■ ACTIVITY ■
Your task is to transcribe the entries below exactly, beginning with the line containing "rewrite -!mulr_suml /pZgY /pXZ; field." and ending with the final line, and to add nothing else.

%%

(* Let $X,Y,Z$ be random variables on finite alphabets $\mathcal{X},\mathcal{Y},\mathcal{Z}$. For each $y\in\mathcal{Y}$ with $\Pr(Y=y)>0$, let $(A_y,B_y,C_y)$ be the random triple on $\mathcal{X}\times\mathcal{Y}\times\mathcal{Z}$ with $\Pr(A_y=x,B_y=y',C_y=z)=0$ if $\Pr(Z=z)=0$ and $=\Pr(X=x,Y=y',Z=z)\Pr(Z=z\mid Y=y)/\Pr(Z=z)$ otherwise; and for each $x\in\mathcal{X}$ with $\Pr(X=x)>0$, let $(A_x,B_x,C_x)$ be the random triple on $\mathcal{X}\times\mathcal{Y}\times\mathcal{Z}$ with $\Pr(A_x=x',B_x=y,C_x=z)=0$ if $\Pr(Z=z)=0$ and $=\Pr(X=x',Y=y,Z=z)\Pr(Z=z\mid X=x)/\Pr(Z=z)$ otherwise. Let $(A_{Z|Y},Y)$ be the pair on $\mathcal{X}\times\mathcal{Y}$ with $\Pr(A_{Z|Y}=x,Y=y)=\Pr(Y=y)\Pr(A_y=x)$ (and $0$ if $\Pr(Y=y)=0$), and let $(X,B_{Z|X})$ be the pair on $\mathcal{X}\times\mathcal{Y}$ with $\Pr(X=x,B_{Z|X}=y)=\Pr(X=x)\Pr(B_x=y)$ (and $0$ if $\Pr(X=x)=0$). Then $I(A_{Z|Y};Y)=I(X;B_{Z|X})$.
   Context: $I$ denotes mutual information. *)

From HB Require Import structures.
From mathcomp Require Import all_boot all_order all_algebra.
From mathcomp Require Import reals exp.
Set Implicit Arguments. Unset Strict Implicit. Unset Printing Implicit Defensive.
Import Order.TTheory GRing.Theory Num.Theory.
Local Open Scope ring_scope.

Section Defs.
Variable R : realType.

Definition is_pmf (T : finType) (p : T -> R) :=
  (forall t, 0 <= p t) /\ \sum_t p t = 1.

Definition mutual_info (X Y : finType) (q : X -> Y -> R) : R :=
  \sum_x \sum_y
    (if q x y == 0 then 0
     else q x y * ln (q x y / ((\sum_y' q x y') * (\sum_x' q x' y)))).

Variables (X Y Z : finType) (p : X -> Y -> Z -> R).

Definition pX x := \sum_y \sum_z p x y z.
Definition pY y := \sum_x \sum_z p x y z.
Definition pZ z := \sum_x \sum_y p x y z.
Definition pYZ y z := \sum_x p x y z.
Definition pXZ x z := \sum_y p x y z.

Definition pZgY z y := pYZ y z / pY y.
Definition pZgX z x := pXZ x z / pX x.

Definition tripY (y : Y) (x : X) (y' : Y) (z : Z) : R :=
  if pZ z == 0 then 0 else p x y' z * pZgY z y / pZ z.
Definition tripX (x : X) (x' : X) (y : Y) (z : Z) : R :=
  if pZ z == 0 then 0 else p x' y z * pZgX z x / pZ z.

Definition PrA (y : Y) (x : X) := \sum_y' \sum_z tripY y x y' z.
Definition PrB (x : X) (y : Y) := \sum_x' \sum_z tripX x x' y z.

Definition pAZY (x : X) (y : Y) : R := if pY y == 0 then 0 else pY y * PrA y x.
Definition pXBZX (x : X) (y : Y) : R := if pX x == 0 then 0 else pX x * PrB x y.

End Defs.

From HB Require Import structures.
From mathcomp Require Import all_boot all_order all_algebra.
From mathcomp Require Import reals exp.
From mathcomp Require Import ring.
Import Order.TTheory GRing.Theory Num.Theory.
Local Open Scope ring_scope.

(* Both pairs have the same joint law: after the normalisations by Pr(Y = y)
   and Pr(X = x) cancel, each joint pmf at (x, y) equals
   sum_z Pr(X = x, Z = z) Pr(Y = y, Z = z) / Pr(Z = z). *)

Lemma eq_mutual_info (R : realType) (X Y : finType) (q q' : X -> Y -> R) :
  (forall x y, q x y = q' x y) -> mutual_info q = mutual_info q'.
Proof.
move=> eq_q; apply: eq_bigr => x _; apply: eq_bigr => y _.
by rewrite (eq_bigr _ (fun y' _ => eq_q x y')) (eq_bigr _ (fun x' _ => eq_q x' y)) eq_q.
Qed.

Section MarkovJoint.
Variables (R : realType) (X Y Z : finType) (p : X -> Y -> Z -> R).
Hypothesis p_ge0 : forall x y z, 0 <= p x y z.

(* The joint pmf of (X', Y') when X' - Z - Y' is a Markov chain whose (X', Z)
   and (Y', Z) marginals are those of p. *)
Definition markov_joint (x : X) (y : Y) : R :=
  \sum_z (if pZ p z == 0 then 0 else pXZ p x z * pYZ p y z / pZ p z).

Lemma pX_sum_pXZ x : pX p x = \sum_z pXZ p x z.
Proof. exact: exchange_big. Qed.

Lemma pY_sum_pYZ y : pY p y = \sum_z pYZ p y z.
Proof. exact: exchange_big. Qed.

Lemma pXZ_eq0 x z : pX p x = 0 -> pXZ p x z = 0.
Proof.
by rewrite pX_sum_pXZ => /psumr_eq0P -> // z' _; apply: sumr_ge0.
Qed.

Lemma pYZ_eq0 y z : pY p y = 0 -> pYZ p y z = 0.
Proof.
by rewrite pY_sum_pYZ => /psumr_eq0P -> // z' _; apply: sumr_ge0.
Qed.

Lemma markov_joint_eq0l x y : pX p x = 0 -> markov_joint x y = 0.
Proof.
by move=> pX0; rewrite /markov_joint big1 // => z _; rewrite pXZ_eq0 // !mul0r if_same.
Qed.

Lemma markov_joint_eq0r x y : pY p y = 0 -> markov_joint x y = 0.
Proof.
by move=> pY0; rewrite /markov_joint big1 // => z _; rewrite pYZ_eq0 // mulr0 mul0r if_same.
Qed.

Lemma pAZY_markov_joint x y : pAZY p x y = markov_joint x y.
Proof.
rewrite /pAZY; have [pY0 | pY_neq0] := eqVneq (pY p y) 0.
  by rewrite markov_joint_eq0r.
rewrite /PrA exchange_big mulr_sumr; apply: eq_bigr => z _.
rewrite /tripY; have [_ | pZ_neq0] := eqVneq (pZ p z) 0; first by rewrite big1 ?mulr0.
rewrite -!mulr_suml /pZgY /pXZ; field.
by rewrite pZ_neq0 pY_neq0.
Qed.

Lemma pXBZX_markov_joint x y : pXBZX p x y = markov_joint x y.
Proof.
rewrite /pXBZX; have [pX0 | pX_neq0] := eqVneq (pX p x) 0.
  by rewrite markov_joint_eq0l.
rewrite /PrB exchange_big mulr_sumr; apply: eq_bigr => z _.
rewrite /tripX; have [_ | pZ_neq0] := eqVneq (pZ p z) 0; first by rewrite big1 ?mulr0.
rewrite -!mulr_suml /pZgX /pYZ; field.
by rewrite pZ_neq0 pX_neq0.
Qed.

End MarkovJoint.

Theorem lemma7 (R : realType) (X Y Z : finType) (p : X -> Y -> Z -> R)
  (hp : is_pmf (fun t : X * Y * Z => p t.1.1 t.1.2 t.2)) :
  mutual_info (pAZY p) = mutual_info (pXBZX p).
Proof.
have p_ge0 x y z : 0 <= p x y z by exact: hp.1 (x, y, z).
apply: eq_mutual_info => x y.
by rewrite pAZY_markov_joint // pXBZX_markov_joint.
Qed.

%%

■ EXERCISE ANSWER ■
rewrite -!mulr_suml /pZgY /pXZ; field.
by rewrite pZ_neq0 pY_neq0.
Qed.

Lemma pXBZX_markov_joint x y : pXBZX p x y = markov_joint x y.
Proof.
rewrite /pXBZX; have [pX0 | pX_neq0] := eqVneq (pX p x) 0.
  by rewrite markov_joint_eq0l.
rewrite /PrB exchange_big mulr_sumr; apply: eq_bigr => z _.
rewrite /tripX; have [_ | pZ_neq0] := eqVneq (pZ p z) 0; first by rewrite big1 ?mulr0.
rewrite -!mulr_suml /pZgX /pYZ; field.
by rewrite pZ_neq0 pX_neq0.
Qed.

End MarkovJoint.

Theorem lemma7 (R : realType) (X Y Z : finType) (p : X -> Y -> Z -> R)
  (hp : is_pmf (fun t : X * Y * Z => p t.1.1 t.1.2 t.2)) :
  mutual_info (pAZY p) = mutual_info (pXBZX p).
Proof.
have p_ge0 x y z : 0 <= p x y z by exact: hp.1 (x, y, z).
apply: eq_mutual_info => x y.
by rewrite pAZY_markov_joint // pXBZX_markov_joint.
Qed.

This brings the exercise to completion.